▶ _EXERCISE BRIEF_
From the records below, please repeat exactly the line that has "forall p, p", the line that has "split => //; apply/permP => p.", and every line between them, and nothing else.

(Dataset entries)
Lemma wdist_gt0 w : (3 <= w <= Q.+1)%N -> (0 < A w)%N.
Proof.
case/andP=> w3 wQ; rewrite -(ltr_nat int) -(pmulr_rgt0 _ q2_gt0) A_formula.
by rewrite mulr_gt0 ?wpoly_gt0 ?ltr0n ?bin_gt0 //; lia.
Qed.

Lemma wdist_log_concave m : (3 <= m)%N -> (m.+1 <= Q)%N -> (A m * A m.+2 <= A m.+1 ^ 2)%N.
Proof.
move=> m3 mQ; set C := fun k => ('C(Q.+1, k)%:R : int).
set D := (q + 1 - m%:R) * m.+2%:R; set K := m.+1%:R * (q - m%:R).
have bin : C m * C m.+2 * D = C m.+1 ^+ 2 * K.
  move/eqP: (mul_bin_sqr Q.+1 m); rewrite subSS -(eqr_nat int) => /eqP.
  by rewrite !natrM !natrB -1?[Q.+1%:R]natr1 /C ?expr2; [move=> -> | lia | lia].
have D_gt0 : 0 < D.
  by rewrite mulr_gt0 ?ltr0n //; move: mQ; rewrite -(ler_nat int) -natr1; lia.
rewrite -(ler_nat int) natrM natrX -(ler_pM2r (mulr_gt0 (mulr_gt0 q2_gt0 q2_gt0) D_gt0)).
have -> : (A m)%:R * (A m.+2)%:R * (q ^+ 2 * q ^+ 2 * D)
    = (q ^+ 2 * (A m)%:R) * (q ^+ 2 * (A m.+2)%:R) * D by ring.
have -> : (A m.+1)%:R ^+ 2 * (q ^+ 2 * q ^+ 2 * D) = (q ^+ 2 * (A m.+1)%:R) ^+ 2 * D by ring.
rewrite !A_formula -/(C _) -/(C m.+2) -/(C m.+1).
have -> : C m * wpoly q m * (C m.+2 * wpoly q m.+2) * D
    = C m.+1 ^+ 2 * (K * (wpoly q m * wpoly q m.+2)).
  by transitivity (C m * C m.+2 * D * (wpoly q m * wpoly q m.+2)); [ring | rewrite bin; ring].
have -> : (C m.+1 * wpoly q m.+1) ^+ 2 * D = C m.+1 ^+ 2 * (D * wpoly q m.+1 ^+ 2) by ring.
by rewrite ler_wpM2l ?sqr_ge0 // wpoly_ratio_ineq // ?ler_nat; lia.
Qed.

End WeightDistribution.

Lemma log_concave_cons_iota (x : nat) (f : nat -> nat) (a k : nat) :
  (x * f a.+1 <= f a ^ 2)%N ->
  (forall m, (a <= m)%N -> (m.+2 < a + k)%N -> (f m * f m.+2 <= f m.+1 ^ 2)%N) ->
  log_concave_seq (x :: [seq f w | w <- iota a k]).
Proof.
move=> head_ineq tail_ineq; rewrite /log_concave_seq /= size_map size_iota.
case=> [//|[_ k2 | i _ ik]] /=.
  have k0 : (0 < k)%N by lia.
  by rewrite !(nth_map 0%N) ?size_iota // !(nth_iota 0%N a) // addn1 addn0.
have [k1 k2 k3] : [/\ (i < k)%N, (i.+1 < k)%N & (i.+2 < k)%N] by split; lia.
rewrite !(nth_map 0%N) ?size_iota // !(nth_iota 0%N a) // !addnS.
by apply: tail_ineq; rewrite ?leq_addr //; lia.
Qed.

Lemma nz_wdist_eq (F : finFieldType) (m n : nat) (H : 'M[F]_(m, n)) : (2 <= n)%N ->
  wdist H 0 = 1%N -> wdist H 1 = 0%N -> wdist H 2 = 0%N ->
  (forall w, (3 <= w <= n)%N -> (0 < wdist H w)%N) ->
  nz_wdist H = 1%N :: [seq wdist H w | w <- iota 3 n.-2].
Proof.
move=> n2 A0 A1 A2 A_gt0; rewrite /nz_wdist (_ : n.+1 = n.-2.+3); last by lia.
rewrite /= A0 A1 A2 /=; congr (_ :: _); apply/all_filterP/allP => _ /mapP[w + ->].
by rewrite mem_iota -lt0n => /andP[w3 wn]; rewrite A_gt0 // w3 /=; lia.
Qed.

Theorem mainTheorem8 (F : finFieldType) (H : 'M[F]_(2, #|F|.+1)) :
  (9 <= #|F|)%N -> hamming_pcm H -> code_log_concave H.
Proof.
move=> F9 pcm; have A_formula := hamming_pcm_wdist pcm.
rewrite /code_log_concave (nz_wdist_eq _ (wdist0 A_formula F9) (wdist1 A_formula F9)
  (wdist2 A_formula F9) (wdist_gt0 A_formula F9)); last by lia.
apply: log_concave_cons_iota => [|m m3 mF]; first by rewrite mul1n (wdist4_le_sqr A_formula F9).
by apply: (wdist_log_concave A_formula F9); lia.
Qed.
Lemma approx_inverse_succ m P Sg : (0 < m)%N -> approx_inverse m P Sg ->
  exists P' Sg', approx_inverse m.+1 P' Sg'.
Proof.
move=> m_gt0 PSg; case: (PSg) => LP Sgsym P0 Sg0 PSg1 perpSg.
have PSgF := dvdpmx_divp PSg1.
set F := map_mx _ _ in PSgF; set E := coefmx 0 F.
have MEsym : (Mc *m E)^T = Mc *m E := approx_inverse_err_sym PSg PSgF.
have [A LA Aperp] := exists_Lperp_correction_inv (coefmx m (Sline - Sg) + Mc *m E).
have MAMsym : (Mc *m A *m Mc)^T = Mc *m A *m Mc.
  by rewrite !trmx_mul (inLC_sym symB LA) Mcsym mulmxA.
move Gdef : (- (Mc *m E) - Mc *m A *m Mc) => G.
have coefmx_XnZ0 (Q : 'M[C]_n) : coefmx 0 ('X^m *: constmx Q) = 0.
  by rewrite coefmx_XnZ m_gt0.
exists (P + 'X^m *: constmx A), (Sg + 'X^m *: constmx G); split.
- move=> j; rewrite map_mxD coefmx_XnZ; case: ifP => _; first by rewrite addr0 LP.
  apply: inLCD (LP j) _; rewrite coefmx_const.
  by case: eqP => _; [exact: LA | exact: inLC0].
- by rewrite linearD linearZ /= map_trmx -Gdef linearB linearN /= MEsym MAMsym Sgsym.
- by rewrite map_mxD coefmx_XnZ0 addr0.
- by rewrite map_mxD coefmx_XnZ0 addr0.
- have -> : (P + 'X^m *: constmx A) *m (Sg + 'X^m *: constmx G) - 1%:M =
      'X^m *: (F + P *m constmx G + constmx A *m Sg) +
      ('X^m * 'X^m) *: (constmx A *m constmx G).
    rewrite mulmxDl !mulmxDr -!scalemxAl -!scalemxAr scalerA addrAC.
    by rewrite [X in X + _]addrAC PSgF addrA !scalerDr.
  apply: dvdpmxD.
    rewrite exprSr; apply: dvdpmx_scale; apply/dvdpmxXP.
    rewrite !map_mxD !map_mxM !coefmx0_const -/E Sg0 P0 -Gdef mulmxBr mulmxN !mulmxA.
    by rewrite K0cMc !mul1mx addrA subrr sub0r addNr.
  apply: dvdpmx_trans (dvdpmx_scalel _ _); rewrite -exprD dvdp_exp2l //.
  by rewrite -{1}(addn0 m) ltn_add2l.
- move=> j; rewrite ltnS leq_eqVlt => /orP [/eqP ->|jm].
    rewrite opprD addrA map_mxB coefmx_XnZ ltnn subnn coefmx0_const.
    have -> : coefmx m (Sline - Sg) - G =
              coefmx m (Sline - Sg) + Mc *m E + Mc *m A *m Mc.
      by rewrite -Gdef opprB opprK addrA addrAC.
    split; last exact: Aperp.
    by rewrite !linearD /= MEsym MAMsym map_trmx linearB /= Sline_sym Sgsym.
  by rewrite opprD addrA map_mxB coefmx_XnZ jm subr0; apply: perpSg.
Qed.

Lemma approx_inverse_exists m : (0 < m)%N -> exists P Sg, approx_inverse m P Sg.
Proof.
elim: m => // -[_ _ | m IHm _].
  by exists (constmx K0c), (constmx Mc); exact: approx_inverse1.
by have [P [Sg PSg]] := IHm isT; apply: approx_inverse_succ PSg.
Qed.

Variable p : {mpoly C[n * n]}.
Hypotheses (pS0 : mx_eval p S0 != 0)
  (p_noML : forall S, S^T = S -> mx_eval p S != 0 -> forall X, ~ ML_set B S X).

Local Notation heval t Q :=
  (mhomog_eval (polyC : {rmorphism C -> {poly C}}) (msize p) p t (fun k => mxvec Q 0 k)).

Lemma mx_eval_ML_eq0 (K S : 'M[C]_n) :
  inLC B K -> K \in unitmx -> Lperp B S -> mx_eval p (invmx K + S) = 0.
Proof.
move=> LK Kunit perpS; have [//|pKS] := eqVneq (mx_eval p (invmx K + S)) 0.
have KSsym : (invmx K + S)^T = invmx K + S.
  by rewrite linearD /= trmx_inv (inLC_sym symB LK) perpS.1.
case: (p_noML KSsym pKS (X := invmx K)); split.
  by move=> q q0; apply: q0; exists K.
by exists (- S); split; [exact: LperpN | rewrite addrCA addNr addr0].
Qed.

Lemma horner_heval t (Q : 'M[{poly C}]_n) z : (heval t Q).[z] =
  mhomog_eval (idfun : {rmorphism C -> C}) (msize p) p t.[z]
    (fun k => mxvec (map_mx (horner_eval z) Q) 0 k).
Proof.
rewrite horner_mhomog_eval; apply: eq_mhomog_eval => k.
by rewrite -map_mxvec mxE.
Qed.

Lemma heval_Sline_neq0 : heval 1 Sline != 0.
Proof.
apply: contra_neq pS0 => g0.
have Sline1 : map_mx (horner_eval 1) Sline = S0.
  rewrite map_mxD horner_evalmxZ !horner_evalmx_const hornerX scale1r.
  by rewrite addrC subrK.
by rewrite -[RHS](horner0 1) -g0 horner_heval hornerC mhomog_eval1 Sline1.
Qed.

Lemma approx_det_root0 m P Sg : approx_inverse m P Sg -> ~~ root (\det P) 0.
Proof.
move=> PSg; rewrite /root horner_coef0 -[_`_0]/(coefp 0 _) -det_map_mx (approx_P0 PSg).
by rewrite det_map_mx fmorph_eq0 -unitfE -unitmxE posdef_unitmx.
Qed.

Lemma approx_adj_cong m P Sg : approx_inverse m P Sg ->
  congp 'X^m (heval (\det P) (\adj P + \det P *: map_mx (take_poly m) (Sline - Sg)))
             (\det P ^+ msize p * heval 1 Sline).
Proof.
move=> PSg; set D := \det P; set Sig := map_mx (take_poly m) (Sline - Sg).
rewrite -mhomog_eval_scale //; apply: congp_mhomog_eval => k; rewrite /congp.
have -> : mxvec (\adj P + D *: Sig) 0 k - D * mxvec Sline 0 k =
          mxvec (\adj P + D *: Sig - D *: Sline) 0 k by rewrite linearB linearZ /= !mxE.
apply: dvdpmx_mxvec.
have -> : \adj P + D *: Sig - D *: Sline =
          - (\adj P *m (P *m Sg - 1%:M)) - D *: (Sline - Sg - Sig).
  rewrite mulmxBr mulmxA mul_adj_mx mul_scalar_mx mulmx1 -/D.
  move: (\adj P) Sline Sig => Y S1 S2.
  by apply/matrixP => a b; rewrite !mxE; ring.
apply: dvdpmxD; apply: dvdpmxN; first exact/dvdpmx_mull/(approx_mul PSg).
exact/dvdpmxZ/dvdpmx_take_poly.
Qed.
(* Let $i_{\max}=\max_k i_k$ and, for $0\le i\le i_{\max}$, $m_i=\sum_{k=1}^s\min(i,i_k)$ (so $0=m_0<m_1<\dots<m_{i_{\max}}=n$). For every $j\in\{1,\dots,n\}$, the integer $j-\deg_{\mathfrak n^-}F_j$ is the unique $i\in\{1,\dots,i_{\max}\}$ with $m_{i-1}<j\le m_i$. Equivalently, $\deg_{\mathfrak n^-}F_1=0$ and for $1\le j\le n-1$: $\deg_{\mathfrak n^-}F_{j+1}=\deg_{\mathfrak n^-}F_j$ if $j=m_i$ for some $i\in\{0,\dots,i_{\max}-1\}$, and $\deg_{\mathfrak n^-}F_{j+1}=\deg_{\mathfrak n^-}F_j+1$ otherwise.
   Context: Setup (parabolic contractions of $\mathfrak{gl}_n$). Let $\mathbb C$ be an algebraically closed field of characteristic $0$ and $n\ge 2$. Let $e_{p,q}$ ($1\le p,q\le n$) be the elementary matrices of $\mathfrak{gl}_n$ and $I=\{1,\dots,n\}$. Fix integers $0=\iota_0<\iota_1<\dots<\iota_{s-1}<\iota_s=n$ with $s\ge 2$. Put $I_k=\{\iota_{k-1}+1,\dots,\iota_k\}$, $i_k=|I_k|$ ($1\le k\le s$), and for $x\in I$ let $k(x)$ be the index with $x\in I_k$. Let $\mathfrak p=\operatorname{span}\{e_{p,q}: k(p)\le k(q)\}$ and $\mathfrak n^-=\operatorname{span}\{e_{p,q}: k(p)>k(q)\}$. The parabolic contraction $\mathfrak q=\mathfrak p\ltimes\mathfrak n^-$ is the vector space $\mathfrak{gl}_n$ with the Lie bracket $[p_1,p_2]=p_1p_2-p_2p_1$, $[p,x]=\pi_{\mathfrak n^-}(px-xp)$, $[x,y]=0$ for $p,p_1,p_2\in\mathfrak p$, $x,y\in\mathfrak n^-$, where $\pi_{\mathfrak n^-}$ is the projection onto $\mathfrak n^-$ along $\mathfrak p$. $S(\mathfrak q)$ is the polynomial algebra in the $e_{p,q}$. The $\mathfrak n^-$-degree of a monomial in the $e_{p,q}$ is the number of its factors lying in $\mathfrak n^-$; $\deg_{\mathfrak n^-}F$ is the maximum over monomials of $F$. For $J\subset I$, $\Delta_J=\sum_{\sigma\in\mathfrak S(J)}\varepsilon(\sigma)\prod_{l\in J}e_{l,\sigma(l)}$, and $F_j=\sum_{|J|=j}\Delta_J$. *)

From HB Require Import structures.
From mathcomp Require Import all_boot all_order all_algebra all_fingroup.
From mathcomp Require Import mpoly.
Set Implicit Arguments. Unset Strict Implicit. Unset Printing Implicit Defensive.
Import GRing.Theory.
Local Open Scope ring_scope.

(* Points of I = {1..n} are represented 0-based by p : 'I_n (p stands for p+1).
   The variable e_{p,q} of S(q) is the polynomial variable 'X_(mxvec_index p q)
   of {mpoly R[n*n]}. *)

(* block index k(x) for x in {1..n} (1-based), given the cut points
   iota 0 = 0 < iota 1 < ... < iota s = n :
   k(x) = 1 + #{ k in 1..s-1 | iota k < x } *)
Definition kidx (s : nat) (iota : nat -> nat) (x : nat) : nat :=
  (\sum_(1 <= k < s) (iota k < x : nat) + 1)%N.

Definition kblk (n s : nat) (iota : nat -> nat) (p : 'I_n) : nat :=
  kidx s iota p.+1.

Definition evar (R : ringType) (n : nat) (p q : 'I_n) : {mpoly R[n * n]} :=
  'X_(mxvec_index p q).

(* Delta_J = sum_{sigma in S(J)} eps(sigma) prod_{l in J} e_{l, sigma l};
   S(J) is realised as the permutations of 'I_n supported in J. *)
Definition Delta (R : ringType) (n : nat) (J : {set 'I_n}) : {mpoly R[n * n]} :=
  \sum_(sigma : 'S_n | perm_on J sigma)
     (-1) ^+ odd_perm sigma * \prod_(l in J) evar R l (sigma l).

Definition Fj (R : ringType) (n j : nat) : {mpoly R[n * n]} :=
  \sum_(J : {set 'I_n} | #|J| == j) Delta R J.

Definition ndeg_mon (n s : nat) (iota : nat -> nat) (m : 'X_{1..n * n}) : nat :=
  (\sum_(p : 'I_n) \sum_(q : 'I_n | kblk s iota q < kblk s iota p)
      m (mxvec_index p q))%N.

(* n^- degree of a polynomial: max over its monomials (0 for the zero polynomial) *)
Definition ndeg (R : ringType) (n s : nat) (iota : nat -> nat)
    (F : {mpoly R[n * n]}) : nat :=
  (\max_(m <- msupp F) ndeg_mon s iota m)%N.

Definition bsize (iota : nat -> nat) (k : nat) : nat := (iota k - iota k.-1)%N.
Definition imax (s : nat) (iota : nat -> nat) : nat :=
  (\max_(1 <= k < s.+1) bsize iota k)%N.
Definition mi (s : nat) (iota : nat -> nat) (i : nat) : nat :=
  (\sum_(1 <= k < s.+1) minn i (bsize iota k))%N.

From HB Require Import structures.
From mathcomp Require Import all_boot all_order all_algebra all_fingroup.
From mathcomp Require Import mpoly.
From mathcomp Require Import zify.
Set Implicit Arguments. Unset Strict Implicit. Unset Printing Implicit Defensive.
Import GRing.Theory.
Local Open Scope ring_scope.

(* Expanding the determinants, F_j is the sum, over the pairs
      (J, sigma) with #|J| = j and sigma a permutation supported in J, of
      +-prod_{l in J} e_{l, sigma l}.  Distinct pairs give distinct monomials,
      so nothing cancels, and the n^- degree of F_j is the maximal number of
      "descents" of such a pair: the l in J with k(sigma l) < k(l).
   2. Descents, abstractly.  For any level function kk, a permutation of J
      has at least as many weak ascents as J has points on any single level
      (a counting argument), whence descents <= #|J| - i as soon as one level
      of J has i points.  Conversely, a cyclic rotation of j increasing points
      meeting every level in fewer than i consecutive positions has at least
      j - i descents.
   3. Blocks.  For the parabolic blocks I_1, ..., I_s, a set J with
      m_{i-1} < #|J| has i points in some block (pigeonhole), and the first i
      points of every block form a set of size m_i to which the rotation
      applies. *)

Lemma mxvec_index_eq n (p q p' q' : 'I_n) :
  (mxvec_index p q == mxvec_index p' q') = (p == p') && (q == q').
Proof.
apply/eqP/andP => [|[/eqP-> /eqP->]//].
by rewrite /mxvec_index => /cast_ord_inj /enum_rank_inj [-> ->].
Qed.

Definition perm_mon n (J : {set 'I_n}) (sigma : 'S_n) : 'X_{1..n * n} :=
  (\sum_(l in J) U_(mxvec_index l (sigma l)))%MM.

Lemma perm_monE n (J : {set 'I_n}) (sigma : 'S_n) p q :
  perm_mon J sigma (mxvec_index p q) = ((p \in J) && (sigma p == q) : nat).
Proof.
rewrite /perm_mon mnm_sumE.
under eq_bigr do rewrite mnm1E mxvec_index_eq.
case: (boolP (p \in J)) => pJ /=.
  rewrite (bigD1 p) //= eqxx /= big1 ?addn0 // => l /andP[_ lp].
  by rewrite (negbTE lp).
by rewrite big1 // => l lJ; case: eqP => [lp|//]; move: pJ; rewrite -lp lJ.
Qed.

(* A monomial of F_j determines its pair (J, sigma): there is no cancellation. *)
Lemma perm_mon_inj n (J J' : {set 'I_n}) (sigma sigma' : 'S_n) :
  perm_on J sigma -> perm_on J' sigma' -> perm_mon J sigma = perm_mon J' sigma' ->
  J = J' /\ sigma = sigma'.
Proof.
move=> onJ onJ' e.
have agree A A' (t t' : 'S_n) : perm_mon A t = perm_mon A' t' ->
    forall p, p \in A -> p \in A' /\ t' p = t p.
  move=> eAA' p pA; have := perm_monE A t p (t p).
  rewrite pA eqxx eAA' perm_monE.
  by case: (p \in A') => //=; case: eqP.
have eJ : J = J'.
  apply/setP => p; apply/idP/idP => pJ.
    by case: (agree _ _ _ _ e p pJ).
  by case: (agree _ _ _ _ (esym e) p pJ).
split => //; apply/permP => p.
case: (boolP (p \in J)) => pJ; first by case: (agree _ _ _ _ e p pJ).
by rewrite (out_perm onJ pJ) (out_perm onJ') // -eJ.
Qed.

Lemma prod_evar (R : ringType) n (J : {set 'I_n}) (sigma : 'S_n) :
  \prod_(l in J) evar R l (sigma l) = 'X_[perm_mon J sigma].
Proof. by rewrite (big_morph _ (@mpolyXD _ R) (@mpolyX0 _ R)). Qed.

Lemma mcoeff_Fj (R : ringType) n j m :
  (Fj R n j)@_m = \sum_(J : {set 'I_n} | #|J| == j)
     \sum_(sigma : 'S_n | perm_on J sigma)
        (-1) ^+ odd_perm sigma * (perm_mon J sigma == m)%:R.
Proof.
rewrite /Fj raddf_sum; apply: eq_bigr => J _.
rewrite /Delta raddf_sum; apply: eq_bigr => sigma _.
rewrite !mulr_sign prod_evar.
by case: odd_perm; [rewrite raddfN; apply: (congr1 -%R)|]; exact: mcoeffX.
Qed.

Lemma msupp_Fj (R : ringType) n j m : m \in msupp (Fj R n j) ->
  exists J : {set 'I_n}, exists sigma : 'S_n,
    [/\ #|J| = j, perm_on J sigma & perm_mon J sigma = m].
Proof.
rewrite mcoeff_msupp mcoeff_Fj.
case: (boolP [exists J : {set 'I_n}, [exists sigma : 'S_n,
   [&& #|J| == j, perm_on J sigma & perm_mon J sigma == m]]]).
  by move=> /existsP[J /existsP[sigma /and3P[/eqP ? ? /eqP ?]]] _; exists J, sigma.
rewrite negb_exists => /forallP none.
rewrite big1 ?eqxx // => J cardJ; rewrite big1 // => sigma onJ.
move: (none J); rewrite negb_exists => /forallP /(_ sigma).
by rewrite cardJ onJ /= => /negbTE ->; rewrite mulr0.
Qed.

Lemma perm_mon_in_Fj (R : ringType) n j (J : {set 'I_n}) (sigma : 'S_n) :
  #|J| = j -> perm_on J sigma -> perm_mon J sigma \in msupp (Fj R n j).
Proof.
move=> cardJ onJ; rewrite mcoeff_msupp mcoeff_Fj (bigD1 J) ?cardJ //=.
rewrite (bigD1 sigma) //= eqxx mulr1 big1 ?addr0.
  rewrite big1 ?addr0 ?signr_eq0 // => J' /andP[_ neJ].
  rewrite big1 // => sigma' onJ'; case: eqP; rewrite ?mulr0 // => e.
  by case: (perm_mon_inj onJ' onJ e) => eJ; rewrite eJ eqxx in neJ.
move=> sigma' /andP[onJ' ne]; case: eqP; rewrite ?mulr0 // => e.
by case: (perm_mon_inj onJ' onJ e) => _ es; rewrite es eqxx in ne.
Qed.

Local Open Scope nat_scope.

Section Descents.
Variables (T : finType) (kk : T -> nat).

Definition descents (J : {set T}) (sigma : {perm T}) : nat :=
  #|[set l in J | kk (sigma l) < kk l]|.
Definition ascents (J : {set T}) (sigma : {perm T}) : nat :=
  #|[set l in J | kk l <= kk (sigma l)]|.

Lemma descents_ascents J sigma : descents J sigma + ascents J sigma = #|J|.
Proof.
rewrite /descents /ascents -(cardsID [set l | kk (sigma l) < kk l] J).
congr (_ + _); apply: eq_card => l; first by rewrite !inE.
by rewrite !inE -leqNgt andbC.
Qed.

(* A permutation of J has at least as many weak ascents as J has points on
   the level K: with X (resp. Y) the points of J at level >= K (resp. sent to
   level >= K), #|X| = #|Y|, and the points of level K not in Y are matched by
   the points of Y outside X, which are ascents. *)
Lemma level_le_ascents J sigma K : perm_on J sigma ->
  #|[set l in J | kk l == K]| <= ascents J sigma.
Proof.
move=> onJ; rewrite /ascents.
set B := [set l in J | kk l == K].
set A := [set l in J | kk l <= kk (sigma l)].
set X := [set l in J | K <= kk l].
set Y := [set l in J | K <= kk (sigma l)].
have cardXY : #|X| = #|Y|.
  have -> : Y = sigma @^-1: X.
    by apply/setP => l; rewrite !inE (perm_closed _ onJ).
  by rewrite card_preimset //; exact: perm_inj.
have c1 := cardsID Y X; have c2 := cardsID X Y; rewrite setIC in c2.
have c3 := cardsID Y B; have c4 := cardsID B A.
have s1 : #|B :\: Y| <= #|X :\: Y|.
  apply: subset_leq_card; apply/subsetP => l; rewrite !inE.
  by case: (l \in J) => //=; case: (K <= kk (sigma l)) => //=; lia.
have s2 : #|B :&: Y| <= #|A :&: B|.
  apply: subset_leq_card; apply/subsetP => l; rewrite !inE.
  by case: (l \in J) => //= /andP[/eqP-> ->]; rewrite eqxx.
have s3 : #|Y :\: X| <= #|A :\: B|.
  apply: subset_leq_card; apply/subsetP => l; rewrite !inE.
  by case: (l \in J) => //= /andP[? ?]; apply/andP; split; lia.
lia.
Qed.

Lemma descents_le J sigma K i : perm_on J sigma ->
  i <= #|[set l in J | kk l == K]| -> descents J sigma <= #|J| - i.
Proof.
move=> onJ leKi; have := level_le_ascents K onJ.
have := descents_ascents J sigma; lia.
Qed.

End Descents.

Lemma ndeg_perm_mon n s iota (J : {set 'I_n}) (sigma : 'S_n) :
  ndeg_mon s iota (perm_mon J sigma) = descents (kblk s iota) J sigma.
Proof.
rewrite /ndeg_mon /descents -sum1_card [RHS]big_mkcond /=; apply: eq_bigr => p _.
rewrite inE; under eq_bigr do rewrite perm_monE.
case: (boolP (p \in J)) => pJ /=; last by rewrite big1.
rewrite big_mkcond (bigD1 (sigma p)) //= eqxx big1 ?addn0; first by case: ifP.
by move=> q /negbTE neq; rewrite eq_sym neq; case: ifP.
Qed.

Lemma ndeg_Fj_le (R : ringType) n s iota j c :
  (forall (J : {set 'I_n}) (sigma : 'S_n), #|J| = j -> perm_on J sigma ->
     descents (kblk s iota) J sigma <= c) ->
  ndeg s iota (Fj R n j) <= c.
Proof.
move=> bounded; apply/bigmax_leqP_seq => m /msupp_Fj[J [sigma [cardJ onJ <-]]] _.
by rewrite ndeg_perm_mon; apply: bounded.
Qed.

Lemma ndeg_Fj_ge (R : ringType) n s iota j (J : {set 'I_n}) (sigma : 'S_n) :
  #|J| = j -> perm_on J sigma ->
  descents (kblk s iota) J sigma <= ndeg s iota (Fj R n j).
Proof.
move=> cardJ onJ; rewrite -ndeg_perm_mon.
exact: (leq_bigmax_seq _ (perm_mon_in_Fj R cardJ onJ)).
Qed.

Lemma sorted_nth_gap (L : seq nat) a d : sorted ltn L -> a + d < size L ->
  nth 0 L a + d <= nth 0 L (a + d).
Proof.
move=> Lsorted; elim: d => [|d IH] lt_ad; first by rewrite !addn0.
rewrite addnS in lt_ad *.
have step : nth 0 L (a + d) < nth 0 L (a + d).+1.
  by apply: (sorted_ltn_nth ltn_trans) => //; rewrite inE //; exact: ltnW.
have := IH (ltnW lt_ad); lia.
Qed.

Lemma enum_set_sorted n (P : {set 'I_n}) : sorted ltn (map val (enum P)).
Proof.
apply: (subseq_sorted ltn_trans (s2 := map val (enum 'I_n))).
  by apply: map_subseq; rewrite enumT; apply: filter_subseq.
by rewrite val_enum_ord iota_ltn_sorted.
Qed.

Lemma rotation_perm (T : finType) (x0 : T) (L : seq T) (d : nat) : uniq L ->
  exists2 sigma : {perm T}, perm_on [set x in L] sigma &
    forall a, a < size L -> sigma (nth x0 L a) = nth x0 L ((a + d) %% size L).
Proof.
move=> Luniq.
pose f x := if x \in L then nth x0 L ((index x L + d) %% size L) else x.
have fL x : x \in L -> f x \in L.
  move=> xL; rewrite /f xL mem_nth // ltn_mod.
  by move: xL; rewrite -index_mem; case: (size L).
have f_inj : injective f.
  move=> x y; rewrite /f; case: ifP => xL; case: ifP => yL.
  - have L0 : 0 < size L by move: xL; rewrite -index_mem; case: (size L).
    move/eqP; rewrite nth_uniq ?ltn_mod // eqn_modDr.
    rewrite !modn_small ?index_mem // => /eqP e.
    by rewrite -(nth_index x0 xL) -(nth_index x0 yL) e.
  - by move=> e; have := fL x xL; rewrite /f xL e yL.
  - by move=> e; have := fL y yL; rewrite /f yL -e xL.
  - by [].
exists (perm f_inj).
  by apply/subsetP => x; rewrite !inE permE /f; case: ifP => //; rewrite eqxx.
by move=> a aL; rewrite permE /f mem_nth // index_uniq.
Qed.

▶ _REPLY_
    forall p, p \in A -> p \in A' /\ t' p = t p.
  move=> eAA' p pA; have := perm_monE A t p (t p).
  rewrite pA eqxx eAA' perm_monE.
  by case: (p \in A') => //=; case: eqP.
have eJ : J = J'.
  apply/setP => p; apply/idP/idP => pJ.
    by case: (agree _ _ _ _ e p pJ).
  by case: (agree _ _ _ _ (esym e) p pJ).
split => //; apply/permP => p.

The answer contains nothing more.